Danish Center for Health Services Research, Department of Clinical Medicine, Aalborg University, Aalborg, Denmark
Diagnostic Centre, University Clinic for Development of Innovative Patient Pathways, Silkeborg Regional Hospital, Silkeborg, Denmark.
Heart. 2024 Apr 25;110(10):694-701. doi: 10.1136/heartjnl-2023-323737.
The incidence of atrial fibrillation (AF) shows substantial temporal trends, but the contribution of birth cohort effects is unknown. These effects refer to the relationship between birth year and the likelihood of developing AF. We aimed to assess trends in cumulative incidence of diagnosed AF across birth cohorts and to disentangle the effects of age, birth cohort and calendar period by using age-period-cohort analyses.
In a Danish nationwide population-based cohort study, 4.7 million individuals were selected at a given index age (45, 55, 65 and 75 years) free of AF and followed up for diagnosed AF. For each index age, we assessed trends in 10-year cumulative incidence of AF across six 5-year birth cohorts. An age-period-cohort model was estimated using Poisson regression with constrained spline functions collapsing data into 1-year intervals across ages and calendar years.
Cumulative incidence of AF diagnosis increased across birth cohorts for all index ages (p<0.001). Compared with the first birth cohort, the diagnosed AF incidence rate ratio in the last birth cohort was 3.0 (95% CI 2.9 to 3.2) for index age 45 years, 2.9 (2.8 to 3.0) for 55 years, 2.8 (2.7 to 2.8) for 65 years and 2.7 (2.6 to 2.7) for 75 years.
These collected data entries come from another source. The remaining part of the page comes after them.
Lemma is_Zseries_shift (g : Z -> C) l s :
  is_Zseries g l -> is_Zseries (fun z => g (z + s)%Z) l.
Proof.
  assert (Hnat : forall p g, is_Zseries g l ->
    is_Zseries (fun z => g (z + Z.of_nat p)%Z) l /\ is_Zseries (fun z => g (z - Z.of_nat p)%Z) l).
  { induction p as [|p IH]; intros g' Hg; split.
    - eapply is_Zseries_ext; [|exact Hg]. intros z. cbv beta. f_equal. lia.
    - eapply is_Zseries_ext; [|exact Hg]. intros z. cbv beta. f_equal. lia.
    - eapply is_Zseries_ext; [|exact (proj1 (IH _ (is_Zseries_succ _ _ Hg)))].
      intros z. cbv beta. f_equal. lia.
    - eapply is_Zseries_ext; [|exact (proj2 (IH _ (is_Zseries_pred _ _ Hg)))].
      intros z. cbv beta. f_equal. lia. }
  intros Hg. destruct (Z_le_gt_dec 0 s).
  - eapply is_Zseries_ext; [|exact (proj1 (Hnat (Z.to_nat s) g Hg))].
    intros z. cbv beta. f_equal. lia.
  - eapply is_Zseries_ext; [|exact (proj2 (Hnat (Z.to_nat (- s)) g Hg))].
    intros z. cbv beta. f_equal. lia.
Qed.

Lemma inv_pronic_bound_nonneg (a : nat -> C) c :
  (forall n, Cmod (a n) <= c * inv_pronic n) -> 0 <= c.
Proof.
  intros Ha. specialize (Ha 0%nat). pose proof (Cmod_ge_0 (a 0%nat)).
  pose proof (inv_pronic_pos 0). nra.
Qed.

Lemma ex_series_inv_pronic_bound (a : nat -> C) c :
  (forall n, Cmod (a n) <= c * inv_pronic n) -> exists A, is_series a A.
Proof.
  intros Ha. apply (ex_series_le (V := C_CompleteNormedModule) a (fun n => c * inv_pronic n)).
  - exact Ha.
  - exists (c * 1). exact (is_series_scal_l c _ _ is_series_inv_pronic).
Qed.

Lemma Cmod_mult_inv_pronic_le x y cx cy i j d :
  0 <= cx -> Cmod x <= cx * inv_pronic i -> Cmod y <= cy * inv_pronic j -> (d <= i)%nat ->
  Cmod (x * y)%C <= cx * cy * inv_pronic d * inv_pronic j.
Proof.
  intros Hcx Hx Hy Hdi. rewrite Cmod_mult.
  pose proof (inv_pronic_le d i Hdi). pose proof (inv_pronic_pos i).
  pose proof (Cmod_ge_0 x). pose proof (Cmod_ge_0 y).
  assert (Hx' : Cmod x <= cx * inv_pronic d) by nra.
  replace (cx * cy * inv_pronic d * inv_pronic j)
    with ((cx * inv_pronic d) * (cy * inv_pronic j)) by ring.
  apply Rmult_le_compat; assumption.
Qed.

Definition diag_term (a b : nat -> C) (e : Z) (k : nat) : C :=
  if (0 <=? e)%Z then (a (Z.to_nat e + k)%nat * b k)%C
  else (a k * b (Z.to_nat (- e) + k)%nat)%C.

Lemma diagonal_sums (a b : nat -> C) (ca cb : R) (A B : C) :
  (forall n, Cmod (a n) <= ca * inv_pronic n) -> (forall n, Cmod (b n) <= cb * inv_pronic n) ->
  is_series a A -> is_series b B ->
  exists (upper lower : nat -> C) (L1 L2 : C),
    (forall d, is_series (fun k => a (d + k)%nat * b k)%C (upper d)) /\
    (forall d, is_series (fun k => a k * b (S d + k)%nat)%C (lower d)) /\
    is_series upper L1 /\ is_series lower L2 /\ (L1 + L2)%C = (A * B)%C.
Proof.
  intros Ha Hb HA HB.
  pose proof (inv_pronic_bound_nonneg a ca Ha) as Hca.
  pose proof (inv_pronic_bound_nonneg b cb Hb) as Hcb.
  assert (Hw : forall k, 0 <= inv_pronic k) by (intros; apply Rlt_le, inv_pronic_pos).
  destruct (is_series_swap (fun d k => a (d + k)%nat * b k)%C (fun d => ca * cb * inv_pronic d)
              inv_pronic (ca * cb * 1) 1 (fun k => (A - psum a k) * b k)%C)
    as [upper [L1 [Hupper [HL1 Hcol1]]]].
  { exact Hw. }
  { exact (is_series_scal_l _ _ _ is_series_inv_pronic). }
  { exact is_series_inv_pronic. }
  { intros d k. apply (Cmod_mult_inv_pronic_le _ _ _ _ (d + k)); auto with arith. }
  { intros k. apply is_series_Cmult_r. exact (is_series_tail a A k HA). }
  destruct (is_series_swap (fun d k => a k * b (S d + k)%nat)%C (fun d => cb * ca * inv_pronic d)
              inv_pronic (cb * ca * 1) 1 (fun k => a k * (B - psum b (S k)))%C)
    as [lower [L2 [Hlower [HL2 Hcol2]]]].
  { exact Hw. }
  { exact (is_series_scal_l _ _ _ is_series_inv_pronic). }
  { exact is_series_inv_pronic. }
  { intros d k. rewrite Cmult_comm.
    apply (Cmod_mult_inv_pronic_le _ _ _ _ (S d + k)); auto with arith. }
  { intros k. apply (is_series_ext (fun d => a k * b (d + S k)%nat)%C).
    - intros d. now rewrite Nat.add_succ_r.
    - apply is_series_Cmult_l. exact (is_series_tail b B (S k) HB). }
  exists upper, lower, L1, L2. do 4 (split; [assumption|]).
  apply (filterlim_locally_unique _ _ _ (is_series_plus _ _ _ _ Hcol1 Hcol2)).
  exact (is_series_mult_tails a b A B HA HB).
Qed.

Lemma is_Zseries_diag_sums (a b : nat -> C) (ca cb : R) (A B : C) :
  (forall n, Cmod (a n) <= ca * inv_pronic n) -> (forall n, Cmod (b n) <= cb * inv_pronic n) ->
  is_series a A -> is_series b B ->
  exists D : Z -> C, (forall e, is_series (diag_term a b e) (D e)) /\ is_Zseries D (A * B)%C.
Proof.
  intros Ha Hb HA HB.
  destruct (diagonal_sums a b ca cb A B Ha Hb HA HB)
    as [upper [lower [L1 [L2 [Hupper [Hlower [HL1 [HL2 HAB]]]]]]]].
  exists (fun e => if (0 <=? e)%Z then upper (Z.to_nat e) else lower (Z.to_nat (- e) - 1)%nat).
  split.
  - intros e. unfold diag_term. destruct (Z.leb_spec 0 e).
    + apply Hupper.
    + eapply is_series_ext; [|apply Hlower]. intros k. cbv beta. do 3 f_equal. lia.
  - rewrite <- HAB. exists L1, L2. split; [|split; [|reflexivity]].
    + eapply is_series_ext; [|exact HL1]. intros d. cbv beta.
      destruct (Z.leb_spec 0 (Z.of_nat d)); [|lia]. f_equal. lia.
    + eapply is_series_ext; [|exact HL2]. intros d. cbv beta.
      destruct (Z.leb_spec 0 (- (Z.of_nat d + 1))); [lia|]. f_equal. lia.
Qed.

Lemma summand_eq_diag_term (m n : Z) (h1 h2 : Z -> C) (k : nat) :
  Cmult (sgnZ n)
    (Cmult (h1 ((m + n + Z.abs (n + m)) / 2 + Z.of_nat k)%Z)
           (h2 ((n - m - Z.abs (n + m)) / 2 - Z.of_nat k)%Z))
  = diag_term (fun i => sgnZ (Z.of_nat i) * h1 (Z.of_nat i))%C
              (fun j => sgnZ (m + Z.of_nat j) * h2 (- m - Z.of_nat j)%Z)%C (n + m) k.
Proof.
  unfold diag_term. destruct (Z.leb_spec 0 (n + m)).
  - replace (m + n + Z.abs (n + m))%Z with ((n + m) * 2)%Z by lia.
    replace (n - m - Z.abs (n + m))%Z with ((- m) * 2)%Z by lia.
    rewrite !Z.div_mul by lia.
    replace (Z.of_nat (Z.to_nat (n + m) + k)) with (n + m + Z.of_nat k)%Z by lia.
    rewrite (sgnZ_mult_parity n (n + m + Z.of_nat k) (m + Z.of_nat k) (m + Z.of_nat k)) by lia.
    replace (- m + - Z.of_nat k)%Z with (- m - Z.of_nat k)%Z by lia.
    ring.
  - replace (m + n + Z.abs (n + m))%Z with (0 * 2)%Z by lia.
    replace (n - m - Z.abs (n + m))%Z with (n * 2)%Z by lia.
    rewrite !Z.div_mul by lia.
    replace (- m - Z.of_nat (Z.to_nat (- (n + m)) + k))%Z with (n - Z.of_nat k)%Z by lia.
    rewrite (sgnZ_mult_parity n (Z.of_nat k) (m + Z.of_nat (Z.to_nat (- (n + m)) + k))
               (Z.of_nat k - n)) by lia.
    rewrite Z.add_0_l. ring.
Qed.

Theorem lemma2 (m : Z) (h1 h2 : Z -> C)
  (H1 : rapid_decay h1) (H2 : rapid_decay h2) :
  exists (I : Z -> C) (A B : C),
    (forall n : Z, is_series (fun k : nat =>
        Cmult (sgnZ n)
          (Cmult (h1 ((m + n + Z.abs (n + m)) / 2 + Z.of_nat k)%Z)
                 (h2 ((n - m - Z.abs (n + m)) / 2 - Z.of_nat k)%Z))) (I n)) /\
    is_Zseries I (Cmult A B) /\
    is_series (fun k : nat => Cmult (sgnZ (Z.of_nat k)) (h1 (Z.of_nat k))) A /\
    is_series (fun n : nat =>
        Cmult (sgnZ (m + Z.of_nat n)%Z) (h2 (- m - Z.of_nat n)%Z)) B.
Proof.
  set (a := fun i : nat => (sgnZ (Z.of_nat i) * h1 (Z.of_nat i))%C).
  set (b := fun j : nat => (sgnZ (m + Z.of_nat j) * h2 (- m - Z.of_nat j)%Z)%C).
  destruct (rapid_decay_inv_pronic_bound h1 0 H1) as [ca Hca].
  destruct (rapid_decay_inv_pronic_bound _ m (rapid_decay_opp h2 H2)) as [cb Hcb].
  assert (Ha : forall i, Cmod (a i) <= ca * inv_pronic i).
  { intros i. unfold a. rewrite Cmod_sgnZ_mul. apply Hca. }
  assert (Hb : forall j, Cmod (b j) <= cb * inv_pronic j).
  { intros j. unfold b. rewrite Cmod_sgnZ_mul.
    replace (- m - Z.of_nat j)%Z with (- (m + Z.of_nat j))%Z by lia. apply Hcb. }
  destruct (ex_series_inv_pronic_bound a ca Ha) as [A HA].
  destruct (ex_series_inv_pronic_bound b cb Hb) as [B HB].
  destruct (is_Zseries_diag_sums a b ca cb A B Ha Hb HA HB) as [D [HD HDZ]].
  exists (fun n => D (n + m)%Z), A, B.
  split; [|split; [|split; [exact HA | exact HB]]].
  - intros n. eapply is_series_ext; [|exact (HD (n + m)%Z)].
    intros k. symmetry. apply summand_eq_diag_term.
  - exact (is_Zseries_shift D _ m HDZ).
Qed.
Age-period-cohort analyses showed substantial birth cohort effects independent of age, with no clear period effect. Compared with individuals born in 1930, the diagnosed AF incidence rate was 0.125 smaller among individuals born in 1885 and was four times larger among individuals born in 1975.
Substantial birth cohort effects, independent of age and calendar period, influence trends in diagnosed AF incidence.
心房颤动(AF)的发病率呈现出显著的时间趋势,但出生队列效应的贡献尚不清楚。这些效应是指出生年份与发生 AF 的可能性之间的关系。我们旨在评估不同出生队列中诊断性 AF 的累积发病率趋势,并通过年龄-时期-队列分析来厘清年龄、出生队列和日历时期的作用。
在一项丹麦全国范围内基于人群的队列研究中,在特定的索引年龄(45、55、65 和 75 岁)时选择了 470 万人,他们没有 AF,并随访诊断为 AF。对于每个索引年龄,我们评估了六个 5 岁出生队列中 10 年累积 AF 发病率的趋势。使用泊松回归和受约束的样条函数,通过将数据按年龄和日历年份划分为 1 年的间隔,来估计年龄-时期-队列模型。
所有索引年龄的 AF 诊断累积发病率均随出生队列而增加(p<0.001)。与第一出生队列相比,在索引年龄为 45 岁、55 岁、65 岁和 75 岁时,最后一个出生队列的诊断性 AF 发病率比为 3.0(95%CI 2.9 至 3.2)、2.9(2.8 至 3.0)、2.8(2.7 至 2.8)和 2.7(2.6 至 2.7)。年龄-时期-队列分析显示,出生队列效应与年龄密切相关,而与日历时期无关。与 1930 年出生的个体相比,1885 年出生的个体的诊断性 AF 发病率低 0.125,而 1975 年出生的个体的发病率高 4 倍。
出生队列效应与年龄和日历时期无关,对诊断性 AF 发病率的趋势有重大影响。